The banking industry is also introducing intersectional products, such as ‘KB Plustar Account,’ and ‘KB Plustar Save Card’ that are interwoven with a bank account, equity account, and credit card. If you open a new KB Plustar account, you are automatically eligible to be a customer of KB Investment & Securities without the need to open an additional equity account. Furthermore, an additional 4% APR will be given to accounts during the period between the time a buying order for equity trading is received and one day prior to payout day.

In addition, the lending rates of KB Bank will be reduced by up to 0.3% for Plustar Save Card customers, and a maximum of 4% of credit card purchases and 5% of trading fees via Plustar equity account will be stored as financial mileage.

Customers are now able to open Samsung Futures accounts at 900 domestic branches of Woori Bank under a cooperative agreement between the two companies. Newly associated products will be developed soon.

IBK Securities launched on-board derivatives based on interest rate, currency, and commodity (gold, lean hogs) beside equity stocks, for the first time among domestic securities firms. IBK Securities plans to establish an exchange risk management center to provide management services that control the potential exchange risk of the OTC (over-the-counter) market through currency futures trading, especially for small and medium companies, in order to avoid another KIKO shock. ,

The establishment of hedge funds by securities firms is in vogue again.
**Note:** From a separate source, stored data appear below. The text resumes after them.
Lemma Qexpansion f : (1 < size Q)%N ->
  f = \sum_(i < size f) Qexp_coef Q f i * Q ^+ i.
Proof.
move=> Q_gt1; rewrite {1}(Qexpansion_partial f (size f)).
have [->|f_neq0] := eqVneq f 0; first by rewrite size_poly0 big_ord0 div0p mul0r addr0.
rewrite divp_small ?mul0r ?addr0 //.
have Qn_neq0 : Q ^+ size f != 0 by rewrite expf_neq0 // -size_poly_gt0 ltnW.
by rewrite (polySpred Qn_neq0) ltnS size_exp leq_pmull // -subn1 subn_gt0.
Qed.
End QExpansion.

Local Open Scope ereal_scope.

Section Lines.
Variable R : realType.

Definition line (e c : R) (k : nat) : \bar R := (c - k%:R * e)%R%:E.

Lemma line0 e c : line e c 0 = c%:E.
Proof. by rewrite /line mul0r subr0. Qed.

Lemma lineD e c1 c2 i k : (i <= k)%N ->
  line e c1 i + line e c2 (k - i) = line e (c1 + c2) k.
Proof. by move=> le_ik; rewrite /line -EFinD natrB // mulrBl; congr EFin; ring. Qed.

Lemma slope_le_line (c x : R) (w : \bar R) k : (0 < k)%N -> w != -oo ->
  ((c%:E - w) * ((k%:R)^-1)%:E <= x%:E) = (line x c k <= w).
Proof.
case: w => [w||] // k0 _; last first.
  by rewrite leey /= mulNyr gtr0_sg ?invr_gt0 ?ltr0n // mul1e leNye.
rewrite -EFinD -EFinM !lee_fin ler_pdivrMr ?ltr0n //.
by apply/idP/idP => H; lra.
Qed.

Lemma slope_lt_line (c x : R) (w : \bar R) k : (0 < k)%N -> w != -oo ->
  ((c%:E - w) * ((k%:R)^-1)%:E < x%:E) = (line x c k < w).
Proof.
case: w => [w||] // k0 _; last first.
  by rewrite ltry /= mulNyr gtr0_sg ?invr_gt0 ?ltr0n // mul1e ltNyr.
rewrite -EFinD -EFinM !lte_fin ltr_pdivrMr ?ltr0n //.
by apply/idP/idP => H; lra.
Qed.

Lemma line_le_gap (gamma : \bar R) (c delta e : R) k : (0 < k)%N ->
  gamma < e%:E -> (forall y : R, gamma <= y%:E -> line y c k <= line e delta k) ->
  c%:E + (e%:E - gamma) <= delta%:E /\ (c < delta)%R.
Proof.
move=> k0; have k_ge1 : (1 <= k%:R :> R)%R by rewrite ler1n.
case: gamma => [y||] // lt_ye le_lines.
  have := le_lines y (lexx _); rewrite lee_fin -EFinB -EFinD lee_fin.
  by rewrite lte_fin in lt_ye; split; nra.
(* gamma = -oo: the slope y may be taken arbitrarily negative. *)
have := le_lines (e - 1)%R (leNye _).
have := le_lines (e - (delta - c) - 1)%R (leNye _).
by rewrite !lee_fin => ? ?; exfalso; nra.
Qed.

End Lines.

Section Valuation.
Variables (K : fieldType) (R : realType) (nu : {poly K} -> \bar R).
Hypothesis nu_val : is_valuation nu.
Implicit Types a f g h : {poly K}.

Lemma nu_eqy h : (nu h == +oo) = (h == 0%R).
Proof. by case: nu_val => nu_y _ _ _; apply/eqP/eqP => /nu_y. Qed.

Lemma nu0 : nu 0%R = +oo.
Proof. by apply/eqP; rewrite nu_eqy. Qed.

Lemma nu_fin h : h != 0%R -> exists c : R, nu h = c%:E.
Proof.
case: nu_val => _ nu_Ny _ _; rewrite -nu_eqy; have := nu_Ny h.
by case: (nu h) => // c; exists c.
Qed.

Lemma nuM f g : nu (f * g)%R = nu f + nu g.
Proof. by case: nu_val => _ _ ->. Qed.

Lemma nuD f g : mine (nu f) (nu g) <= nu (f + g)%R.
Proof. by case: nu_val. Qed.

Lemma nu_neqNy h : nu h != -oo.
Proof. by case: nu_val => _ nu_Ny _ _; apply/eqP. Qed.

Lemma nu_unit_sqr h : (h * h = 1)%R -> nu h = 0.
Proof.
move=> hh1; have h_neq0 : h != 0%R.
  by apply: contra_eq_neq hh1 => ->; rewrite mul0r eq_sym oner_eq0.
have [c Ec] := nu_fin h_neq0; have [d Ed] := nu_fin (oner_neq0 {poly K}).
have := nuM 1 1; rewrite mulr1 Ed -EFinD => -[d0].
have := nuM h h; rewrite hh1 Ec Ed -EFinD => -[hc].
by congr EFin; lra.
Qed.

Lemma nu1 : nu 1%R = 0.
Proof. by rewrite nu_unit_sqr ?mulr1. Qed.

Lemma nuN h : nu (- h)%R = nu h.
Proof. by rewrite -mulN1r nuM nu_unit_sqr ?add0e // mulrNN mulr1. Qed.

Lemma nuB f g : mine (nu f) (nu g) <= nu (f - g)%R.
Proof. by rewrite -(nuN g) nuD. Qed.

Lemma nuD_lt f g : nu f < nu g -> nu (f + g)%R = nu f.
Proof.
move=> lt_fg; apply/eqP; rewrite eq_le; apply/andP; split; last first.
  by have := nuD f g; rewrite /Order.min lt_fg.
have := nuB (f + g)%R g; rewrite addrK ge_min => /orP[//|le_g].
by move: lt_fg; rewrite ltNge le_g.
Qed.

Lemma nuB_neq f g : nu f != nu g -> nu (f - g)%R = mine (nu f) (nu g).
Proof.
case: ltgtP => // [lt_fg|lt_gf] _; first by rewrite nuD_lt ?nuN.
by rewrite addrC nuD_lt nuN // -(nuN g).
Qed.

Lemma nu_minB_fin f g :
  (f - g)%R != 0%R -> exists c : R, mine (nu f) (nu g) = c%:E.
Proof.
move=> /nu_fin[cg Eg]; have := nuB f g; rewrite Eg.
have : -oo < mine (nu f) (nu g) by rewrite lt_min !ltNye !nu_neqNy.
by case: (mine _ _) => // c _ _; exists c.
Qed.

Lemma nuX h c n : nu h = c%:E -> nu (h ^+ n)%R = (n%:R * c)%:E.
Proof.
move=> Ec; elim: n => [|n IH].
  by rewrite expr0 mul0r nu1.
by rewrite exprS nuM IH Ec -EFinD mulrSr mulrDl mul1r addrC.
Qed.

Lemma nu_sum_ge (I : Type) (r : seq I) (P : pred I) (F : I -> {poly K}) x :
  (forall i, P i -> x <= nu (F i)) -> x <= nu (\sum_(i <- r | P i) F i)%R.
Proof.
move=> le_xF; apply: (big_ind (fun y => x <= nu y)) => //; first by rewrite nu0 leey.
by move=> a b xa xb; apply: le_trans (nuD a b); rewrite le_min xa xb.
Qed.

Lemma nu_sum_gt (I : Type) (r : seq I) (P : pred I) (F : I -> {poly K}) (x : R) :
  (forall i, P i -> x%:E < nu (F i)) -> x%:E < nu (\sum_(i <- r | P i) F i)%R.
Proof.
move=> lt_xF; apply: (big_ind (fun y => x%:E < nu y)) => //; first by rewrite nu0 ltry.
by move=> a b xa xb; apply: lt_le_trans (nuD a b); rewrite lt_min xa xb.
Qed.

Lemma nu_sum_eq (I : finType) (F : I -> {poly K}) j (x : R) :
  nu (F j) = x%:E -> (forall i, i != j -> x%:E < nu (F i)) ->
  nu (\sum_i F i)%R = x%:E.
Proof. by move=> Fj lt_xF; rewrite (bigD1 j) //= nuD_lt // Fj nu_sum_gt. Qed.

Definition slope h b := (nu h - nu (hasse b h)) * ((b%:R : R)^-1)%:E.

Lemma slope_le_epsilon h b : (0 < b < size h)%N -> slope h b <= epsilon nu h.
Proof. by move=> hb; apply: le_bigmax_seq; rewrite ?mem_index_iota. Qed.

Lemma slope_leP h c x b : nu h = c%:E -> (0 < b)%N ->
  (slope h b <= x%:E) = (line x c b <= nu (hasse b h)).
Proof. by move=> Ec b0; rewrite /slope Ec slope_le_line ?nu_neqNy. Qed.

Lemma slope_ltP h c x b : nu h = c%:E -> (0 < b)%N ->
  (slope h b < x%:E) = (line x c b < nu (hasse b h)).
Proof. by move=> Ec b0; rewrite /slope Ec slope_lt_line ?nu_neqNy. Qed.

Lemma epsilon_small h : (size h <= 1)%N -> epsilon nu h = -oo.
Proof. by move=> h_small; rewrite /epsilon big_geq. Qed.

Lemma size_gt1_epsilon_fin h e : epsilon nu h = e%:E -> (1 < size h)%N.
Proof.
by move=> eps_h; rewrite ltnNge; apply/negP => /epsilon_small; rewrite eps_h.
Qed.

Lemma epsilon_lt_pinfty h : h != 0%R -> epsilon nu h < +oo.
Proof.
move=> /nu_fin[c Ec]; rewrite /epsilon big_seq.
apply: (big_ind (fun x => x < +oo)) => // [x y|b].
  by rewrite gt_max => -> ->.
rewrite mem_index_iota /slope Ec => /andP[b0 _].
have := nu_neqNy (hasse b h); case: (nu (hasse b h)) => [w||] // _.
  by rewrite -EFinD -EFinM ltry.
by rewrite /= mulNyr gtr0_sg ?invr_gt0 ?ltr0n // mul1e ltNye.
Qed.

Lemma epsilon_fin h x :
  h != 0%R -> x < epsilon nu h -> exists e : R, epsilon nu h = e%:E.
Proof.
move=> /epsilon_lt_pinfty; case: (epsilon nu h) => [e _ _|//|_]; first by exists e.
by rewrite ltNge leNye.
Qed.

Lemma exists_slope_eq_epsilon h : (1 < size h)%N ->
  exists2 b, (0 < b < size h)%N & slope h b = epsilon nu h.
Proof.
move=> h_gt1; rewrite /epsilon big_geq_mkord.
have [b b1 ->] := eq_bigmax (Ordinal h_gt1)
  (fun i : 'I_(size h) => true && (0 < i)%N) (fun i => slope h i) isT
  (fun i _ => leNye _).
by exists b; rewrite // ltn_ord andbT.
Qed.

Definition above_line e c h := forall k, line e c k <= nu (hasse k h).

Definition above_line_after e t c h :=
  forall k, (t < k)%N -> line e c k < nu (hasse k h).

Definition last_contact e t c h :=
  [/\ above_line e c h, above_line_after e t c h & nu (hasse t h) = line e c t].

Lemma above_line_epsilon h c x :
  c%:E <= nu h -> epsilon nu h <= x%:E -> above_line x c h.
Proof.
move=> le_c le_eps [|k]; first by rewrite line0 hasse0.
have [le_hk|lt_kh] := leqP (size h) k.+1; first by rewrite hasse_small // nu0 leey.
have [c' Ec'] : exists c', nu h = c'%:E.
  by apply: nu_fin; rewrite -size_poly_gt0 (ltn_trans _ lt_kh).
apply: le_trans (_ : line x c' k.+1 <= _).
  by rewrite lee_fin lerD2r -lee_fin -Ec'.
by rewrite -slope_leP // (le_trans _ le_eps) // slope_le_epsilon.
Qed.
Major securities firms including Daewoo Securities, Hyundai Securities, and Daishin Securities are constructing hedge funds to be established within the first half of next year. Daewoo Securities is aiming at establishing a hedge fund in Hong Kong after launching the Hong Kong IB center. It is said that Korea Development Bank, the parent company of Daewoo Securities, has given permission for the Hong Kong IB center project under condition that the business areas of the Hong Kong Corporation and the IB center do not overlap.
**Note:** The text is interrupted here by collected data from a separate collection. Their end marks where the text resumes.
(* Conversely the range of F^n rho is reachable: F^n = sum over all strings
   f of length n of F_f. *)
Lemma iterF_reachable n rho x : psd rho -> reachable E M1 rho (iter n F rho *m x).
Proof.
elim: n rho x => [|n IH] rho x rho_psd.
  by apply: span_gen; exists [::]; apply: range_supp.
rewrite iterSr; apply/span_idem/(span_mono _ (IH _ x (F_psd rho_psd))).
move=> w [f /supp_range [y ->]].
rewrite /Fsum Fstr_sum mulmx_suml; apply: span_sum => k _.
by apply: span_gen; exists (k :: f); apply/range_supp/Fstr_psd.
Qed.

End ConcurrentProgram.

Theorem mainTheorem1 (C : numClosedFieldType) (d : nat) (m : nat)
  (E : 'I_m -> {linear 'M[C]_d -> 'M[C]_d}) (M0 M1 rho0 : 'M[C]_d) :
  (0 < d)%N -> (0 < m)%N ->
  (forall k, super_operator (E k) /\ trace_preserving (E k)) ->
  adj M0 *m M0 + adj M1 *m M1 = 1%:M ->
  density_operator rho0 ->
  forall v : 'cV[C]_d,
    reachable E M1 rho0 v <->
    supp (\sum_(i < d) iter i (Fsum E M1) rho0) v.
Proof.
move=> d_gt0 _ E_super _ [rho0_psd tr_rho0] v.
have E_psd k : forall A, psd A -> psd (E k A).
  by apply: completely_positive_psd; have [[]] := E_super k.
have rho0_neq0 : rho0 != 0.
  by apply: contra_eq_neq tr_rho0 => ->; rewrite mxtrace0 eq_sym oner_neq0.
have FD := FD E M1; have FZ := FZ E M1; have F_psd := F_psd M1 E_psd.
have -> : \sum_(i < d) iter i (Fsum E M1) rho0 = partial_sum (Fsum E M1) rho0 d.-1.
  by rewrite /partial_sum prednK.
have S_psd := partial_sum_psd F_psd rho0_psd d.-1.
split.
-
  move=> reach; apply/span_idem/(span_mono _ reach) => w [f /supp_range [y ->]].
  have [D1 ->] := Fstr_range_sub M1 E_psd f rho0_psd.
  have [D2 ->] := iter_range_sub_partial_sum_pred FD FZ F_psd rho0_psd
    (size f) d_gt0 rho0_neq0.
  by rewrite -!mulmxA; apply: range_supp.
-
  move=> /supp_range [x ->]; rewrite /partial_sum mulmx_suml.
  by apply: span_sum => i _; apply: iterF_reachable.
Qed.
Hyundai Securities will be opening a 100 billion won hedge fund in the first half of next year, as well as Mirae Asset Securities and Hana Daeoo Securities.

The next generation system in the financial market is also expected to expand after the Capital Markets Consolidation Act takes effect. Financial institutions such as saving banks, insurance companies, and securities firms including Dongbu Securities, Meritz Securities, and IBK Securities, are building the next generation system, whilst commercial banks are facing on the ending verge of the installation, in order to embellish the quality of customer service.
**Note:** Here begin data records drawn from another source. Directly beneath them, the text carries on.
(* The key inequality: if [P] occurs at [a] in a word satisfying the
   inversion condition, then writing [Q] on the same values in the same
   window still satisfies it. *)
Lemma changeable_bound w a k : occurs_at P w a -> inversion_word w -> k < size P ->
  nth 0 (dvals (window w a (size P))) (nth 0 Q k) <= a + k.
Proof.
move=> oc iw kP; set V := dvals _.
have sV : sorted ltn V by exact: dvals_sorted.
have Pvals (x : nat) : x \in P -> x < size V by rewrite (occ_values oc) mem_iota.
have wP j : j < size P -> nth 0 V (nth 0 P j) <= a + j.
  move=> jP; rewrite -(occ_nth oc) //; apply: iw; have := occ_size oc; lia.
have P0 : 0 < size P by case: (size P) kP.
have [Qk0|] := posnP (nth 0 Q k).
  have := sorted_ltn_gap (j := nth 0 P 0) sV (leq0n _) (Pvals _ (mem_nth 0 P0)).
  by have := wP 0 P0; rewrite Qk0; lia.
move=> /(changeable_witness kP) [j jP Qkj].
have QkPj : nth 0 Q k <= nth 0 P j by apply: leq_trans Qkj; apply: leq_addr.
have := sorted_ltn_gap sV QkPj (Pvals _ (mem_nth 0 jP)).
by have := wP j jP; lia.
Qed.

End Changeable.

Record swappable (p p' : seq nat) : Prop := Swappable {
  pattern_l : is_pattern p;
  pattern_r : is_pattern p';
  non_overlapping_l : non_overlapping p;
  non_overlapping_r : non_overlapping p';
  mutually_non_overlapping_lr : mutually_non_overlapping p p';
  changeable_lr : changeable p p';
  changeable_rl : changeable p' p;
  distinct_lr : p != p' }.

Section SwapPair.
Variables p p' : seq nat.
Hypothesis sw : swappable p p'.

Local Notation r := (size p).

Definition in_pair (P : seq nat) : bool := (P == p) || (P == p').

Definition partner (P : seq nat) : seq nat := if P == p then p' else p.

Lemma pair_distinct : (p' == p) = false.
Proof. by rewrite eq_sym (negbTE (distinct_lr sw)). Qed.

Lemma in_pairP P : in_pair P -> P = p \/ P = p'.
Proof. by case/orP => /eqP; [left | right]. Qed.

Lemma partner_in P : in_pair P -> in_pair (partner P).
Proof. by case/in_pairP => ->; rewrite /in_pair /partner ?eqxx ?pair_distinct ?eqxx ?orbT. Qed.

Lemma partnerK P : in_pair P -> partner (partner P) = P.
Proof. by case/in_pairP => ->; rewrite /partner ?eqxx ?pair_distinct ?eqxx. Qed.

Lemma pair_size P : in_pair P -> size P = r.
Proof. by case/in_pairP => ->; rewrite ?(changeable_size (changeable_lr sw)). Qed.

Lemma pair_changeable P : in_pair P -> changeable P (partner P).
Proof.
by case/in_pairP => ->; rewrite /partner ?eqxx ?pair_distinct; case: sw.
Qed.

Lemma partner_values P : in_pair P -> partner P =i P.
Proof.
move=> inP; have [inQ chP] := (partner_in inP, pair_changeable inP).
by apply: changeable_values chP _ _; [case/in_pairP: inP | case/in_pairP: inQ] => ->; case: sw.
Qed.

Lemma pair_no_overlap P Q k : in_pair P -> in_pair Q -> 1 < k < r ->
  reduce (drop (r - k) P) != reduce (take k Q).
Proof.
move=> inP inQ /andP [k1 kr].
case: sw => _ _ nov_p nov_p' mnov ch _ _.
have sp' : size p' = r by rewrite (changeable_size ch).
have kr' : k < size p' by rewrite sp'.
have /implyP /(_ k1) n1 := forallP nov_p (Ordinal kr).
have /implyP /(_ k1) := forallP nov_p' (Ordinal kr'); rewrite /= sp' => n2.
case/andP: mnov => _ /forallP /(_ (Ordinal kr)) /implyP /(_ k1) /andP [].
rewrite /= sp' => m1 m2.
by case/in_pairP: inP => ->; case/in_pairP: inQ => ->; rewrite eq_sym.
Qed.

Lemma occ_apart P Q w a b : in_pair P -> in_pair Q ->
  occurs_at P w a -> occurs_at Q w b -> a < b -> a + r <= b.+1.
Proof.
move=> inP inQ oP oQ ab; rewrite leqNgt; apply/negP => bar.
have kr : 1 < a + r - b < r by apply/andP; split; lia.
have := pair_no_overlap inP inQ kr; rewrite (_ : r - (a + r - b) = b - a); last by lia.
rewrite (occ_overlap (pair_size inP) (pair_size inQ) oP oQ) ?eqxx //.
by apply/andP; split; lia.
Qed.

Definition occ_pair (w : seq nat) (a : nat) : bool :=
  occurs_at p w a || occurs_at p' w a.

Lemma occ_pairP w a : reflect (exists2 P, in_pair P & occurs_at P w a) (occ_pair w a).
Proof.
apply: (iffP orP) => [[o|o] | [P /in_pairP [] -> o]]; try by [left | right].
  by exists p; rewrite /in_pair ?eqxx.
by exists p'; rewrite /in_pair ?eqxx ?orbT.
Qed.

Definition partner_at (w : seq nat) (a : nat) : seq nat :=
  if occurs_at p w a then p' else p.

Lemma partner_atE P w a : in_pair P -> occurs_at P w a -> partner_at w a = partner P.
Proof.
rewrite /partner_at /partner => inP oP; case: ifPn => [op | /negPf np].
  by rewrite (occ_same (pair_size inP) oP op) eqxx.
by case/in_pairP: inP oP => ->; rewrite ?np ?pair_distinct.
Qed.

Definition covering (w : seq nat) (q : nat) : seq nat :=
  [seq a <- iota 0 q | occ_pair w a & q < a + r.-1].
More and more financial holding companies are being established. Kookmin Bank, Woori Bank, Shinhan Bank, Hana Bank, and Standard Chartered Korea First Bank have all finished their transitions into becoming holding companies, while Korea Development Bank, Industrial Bank of Korea, and Citibank Korea plan to finish their conversion by the end of this year. This flow is derived from the inevitable strategy for survival in the highly competitive capital market. By establishing a holding company, all sectional barriers among banks, brokerage firms and insurance companies are crumbled, accelerating the development of associated products, and stimulating cooperation among subsidiary financial firms.

The issuance of new equity funds has sharply diminished after the enactment of the law, whereas wrap-accounts are increasing. 218 public equity funds were registered with the Financial Supervisory Service from February through July 2009, a decrease of 73% compared to the 817 recorded during the first half of last year. That means firms have become more circumspect regarding the issuance of new funds.

Meanwhile, wrap accounts, where brokerage firms manage a customer’s portfolio for a proportional fee based on profit, have skyrocketed to 525,259 contracts, valued at 17.8998 trillion won, as of the late July. This has been the biggest change that the Capital Markets Consolidation Act has caused so far.